Monday, August 22, 2011

WHAT IS MIGRAINE??


WHAT IS MIGRAINE??

Why don’t you take some painkillers, it’s just a headache.” This is the response of everyone around you when you have a headache. But, they don’t understand the headache we call migraine. Migraine is something excruciatingly painful, but many a times it has been misunderstood as a simple headache. Simple and migraine, they are not even close.
I got my first migraine headache when I was 17 years old. But, little did I know, what was happening to me. Attacks of nausea and a phobia of light and sound surrounded me. I seriously thought something was wrong with me psychologically. I was irritated with the light and was searching for a quiet and dark place. When I tried explaining what was happening to me, I was not able to say anything as I felt crippled and could not form the right sentence. I also felt temporarily blinded. This condition lasted for 15 to 20 minutes. When these stopped, I got a terrible headache in one part of my head.

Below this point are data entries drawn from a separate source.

(* Let $N$ be a tree-child phylogenetic network such that no two parents of a hybrid node are connected by a path, and let $N'=(V',E')$ be its contracted version. For every $u\in V'$ let $M_u=\{w\in V'\mid C^{(N')}(w)\subsetneq C^{(N')}(u)\}$. Then the maximal elements of $M_u$ with respect to the path ordering on $N'$ are exactly the children of $u$ in $N'$.
   Context: A DAG is labeled in a finite set $S$ if its leaves (out-degree 0) are bijectively labeled by $S$. A tree node has in-degree at most 1; a hybrid node has in-degree greater than 1; a tree child is a child that is a tree node. A tree-child phylogenetic network is a rooted DAG labeled in $S$ in which every non-leaf node has at least one tree child, no tree node has out-degree 1, and every hybrid node has out-degree exactly 1. The condition that no two parents of a hybrid node are connected by a path means: if $u_1,u_2$ are the parents of a hybrid node, there is no path $u_1\rightsquigarrow u_2$ nor $u_2\rightsquigarrow u_1$. The contracted version $N'$ of $N$ is obtained as follows: for every hybrid node $u$ of $N$, with only child $\bar u$ whose children are $\bar u_1,\dots,\bar u_k$, remove $\bar u$ and all arcs incident to it, and add arcs $(u,\bar u_1),\dots,(u,\bar u_k)$; thus $V'$ is the set of nodes of $N$ other than children of hybrid nodes. $C^{(N')}(w)$ is the set of leaves that are descendants of $w$ in $N'$. The path ordering on $N'$ is $x\ge y$ iff there is a path from $x$ to $y$ in $N'$. *)

From mathcomp Require Import all_boot.
Set Implicit Arguments. Unset Strict Implicit. Unset Printing Implicit Defensive.

Section Networks.
Variable V : finType.
Variable E : rel V.

Definition indeg (v : V) : nat := #|[set u | E u v]|.
Definition outdeg (v : V) : nat := #|[set w | E v w]|.

Definition is_leaf (v : V) : bool := outdeg v == 0.
Definition is_tree_node (v : V) : bool := indeg v <= 1.
Definition is_hybrid (v : V) : bool := 1 < indeg v.

Definition acyclic : Prop := forall u v, E u v -> ~~ connect E v u.

Definition rooted : Prop :=
  exists r, indeg r = 0 /\ forall v, connect E r v.

Definition labeled_in (S : finType) (lab : V -> S) : Prop :=
  {in is_leaf &, injective lab} /\ forall s : S, exists2 v, is_leaf v & lab v = s.

Definition tree_child_network (S : finType) (lab : V -> S) : Prop :=
  [/\ acyclic, rooted, labeled_in lab &
      [/\ (forall v, ~~ is_leaf v -> exists w, E v w && is_tree_node w),
           (forall v, is_tree_node v -> outdeg v != 1)
         & (forall v, is_hybrid v -> outdeg v = 1)]].

Definition no_parent_paths : Prop :=
  forall h u1 u2, is_hybrid h -> E u1 h -> E u2 h -> u1 != u2 ->
    ~~ connect E u1 u2 /\ ~~ connect E u2 u1.

Definition inV' (v : V) : bool := ~~ [exists u, is_hybrid u && E u v].

Definition E' : rel V := fun x y =>
  [&& inV' x, inV' y &
      E x y || (is_hybrid x && [exists z, E x z && E z y])].

Definition outdeg' (v : V) : nat := #|[set w | E' v w]|.
Definition is_leaf' (v : V) : bool := inV' v && (outdeg' v == 0).

Definition cluster' (w : V) : {set V} := [set x | is_leaf' x && connect E' w x].

Definition path_ge' (x y : V) : bool := connect E' x y.

Definition M_set (u : V) : {set V} :=
  [set w | inV' w && (cluster' w \proper cluster' u)].

Definition maximal_in (A : {set V}) (w : V) : Prop :=
  w \in A /\ forall w', w' \in A -> path_ge' w' w -> w' = w.

End Networks.

(* The contracted network N' is acyclic, every non-leaf of N' has a child
   whose only parent it is and has at least two children, and no two distinct
   parents of a node of N' are connected by a path; all four properties are
   inherited from N because the children of x in N' are the children in N of
   x, or of the unique child of x when x is hybrid.
   In any such DAG, following these unique-parent children down from x reaches
   a leaf whose ancestors are all comparable with x, so C(x) included in C(u)
   forces x and u to be comparable.  A sibling of a child w of u then supplies
   a leaf outside C(w), putting w in M_u; a maximal w in M_u lies below u, so
   the first step of a path from u to it is a member of M_u above it; and a
   node of M_u strictly above a child w of u would yield a second parent p of
   w, and the leaf below p's unique-parent child makes p and u comparable. *)

From mathcomp Require Import all_boot.
Set Implicit Arguments. Unset Strict Implicit. Unset Printing Implicit Defensive.

Section Connect.
Variables (T : finType) (e : rel T).

Lemma connect_first_step x y :
  connect e x y -> x != y -> exists2 c, e x c & connect e c y.
Proof.
case/connectP=> [[|c s]] /= => [_ -> | /andP[xc cs] ->]; first by rewrite eqxx.
by exists c => //; apply/connectP; exists s.
Qed.

Lemma connect_last_step x y :
  connect e x y -> x != y -> exists2 p, connect e x p & e p y.
Proof.
case/connectP=> s; elim/last_ind: s => [|s z _] /= => [_ -> | ]; first by rewrite eqxx.
rewrite rcons_path last_rcons => /andP[xs sz] -> _.
by exists (last x s) => //; apply/connectP; exists s.
Qed.

Lemma connect_unique_parent u p t :
  (forall y, e y t -> y = p) -> connect e u t -> u != t -> connect e u p.
Proof. by move=> parent_t /connect_last_step ut /ut[q uq /parent_t <-]. Qed.

Lemma is_leafP x : reflect (forall y, ~~ e x y) (is_leaf e x).
Proof.
rewrite /is_leaf /outdeg cards_eq0; apply: (iffP eqP) => [x0 y | no_succ].
  by apply: contraFN (in_set0 y); rewrite -x0 inE.
by apply/setP=> y; rewrite !inE (negbTE (no_succ y)).
Qed.

End Connect.

Section StrictlyBelow.
Variables (T : finType) (e : rel T) (D : pred T).

Definition cluster (w : T) : {set T} :=
  [set l | D l && is_leaf e l && connect e w l].

(* For [e := E' E] and [D := inV' E] these are convertible to [cluster'] and
   [M_set]. *)
Definition strictly_below (u : T) : {set T} :=
  [set w | D w && (cluster w \proper cluster u)].

Lemma cluster_connect a b : connect e a b -> cluster b \subset cluster a.
Proof.
move=> ab; apply/subsetP=> l; rewrite !inE => /andP[-> bl].
exact: connect_trans ab bl.
Qed.

Hypothesis e_acyclic : acyclic e.
Hypothesis e_closed : forall x y, e x y -> D y.
Hypothesis tree_child :
  forall x w, e x w -> exists2 t, e x t & forall y, e y t -> y = x.
Hypothesis two_children : forall x w, e x w -> exists2 c, e x c & c != w.
Hypothesis coparents_unconnected :
  forall u p w, e u w -> e p w -> u != p -> ~~ connect e u p.

(* The leaf is reached from x along tree children, so each of its ancestors
   lies on that path or above x. *)
Lemma exists_leaf_below x : D x ->
  exists2 l, l \in cluster x &
    forall y, connect e y l -> connect e y x || connect e x y.
Proof.
have [n] := ubnP #|[set y | connect e x y]|; elim: n x => // n IHn x.
move=> size_x Dx; have [w xw | no_child] := pickP (e x); last first.
  exists x; last by move=> y ->.
  by rewrite !inE Dx connect0 andbT; apply/is_leafP=> y; rewrite no_child.
have [t xt parent_t] := tree_child xw.
have lt_size : #|[set y | connect e t y]| < #|[set y | connect e x y]|.
  apply: proper_card; rewrite properE; apply/andP; split.
    by apply/subsetP=> y; rewrite !inE; apply: connect_trans (connect1 xt).
  by apply/subsetPn; exists x; rewrite !inE ?connect0 ?e_acyclic.
have [l tl comp_l] := IHn t (leq_trans lt_size size_x) (e_closed xt).
exists l; first by apply: subsetP tl; apply: cluster_connect (connect1 xt).
move=> y /comp_l /orP[yt | ty]; last by rewrite (connect_trans (connect1 xt) ty) orbT.
have [-> | nyt] := eqVneq y t; first by rewrite (connect1 xt) orbT.
by rewrite (connect_unique_parent parent_t yt nyt).
Qed.

Lemma cluster_sub_comparable u x : D x -> cluster x \subset cluster u ->
  connect e u x || connect e x u.
Proof.
move=> Dx /subsetP sub_xu; have [l xl comp_l] := exists_leaf_below Dx.
by apply: comp_l; move: (sub_xu l xl); rewrite inE => /andP[_].
Qed.

Lemma children_unconnected u a b :
  e u a -> e u b -> a != b -> ~~ connect e a b.
Proof.
move=> ua ub nab; apply/negP=> /connect_last_step/(_ nab)[p ap pb].
have [pu | npu] := eqVneq p u; first by move: (e_acyclic ua); rewrite -pu ap.
have nup : u != p by rewrite eq_sym.
by move: (coparents_unconnected ub pb nup); rewrite (connect_trans (connect1 ua) ap).
Qed.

Years later, I learnt that this was what they call a case of classic migraine, an aura plus the headache. Finally, I got rid of the notion that I had some kind of a psychological disorder. What was worse was that people around me even said that I was imagining things. When one gets the headache minus the aura, it’s a common migraine. But when the aura, dear old aura comes into the picture, it’s the case of a classic migraine robbing us of our ability to enjoy what is happening around us. The exact cause for migraine has not yet been proved. Some say it’s a case of heredity, but that does not do justice to someone like me whose family is totally unaware of migraine. Triggering factors play a vital role in migraine.
For some, it can be a certain perfume, whereas for some it can be alterations in the sleeping patterns. Some people get migraines in years, while for some it occurs at an interval of months or even a few weeks. As for medication, no drug touches the pain once the headache starts.
People suffering from migraine have developed their own coping mechanisms to deal with it. The best thing to do would be simply lying down in a dark place for a while. Migraine is unbearable sometimes. Friends and family must make an extra effort to understand what the person goes through.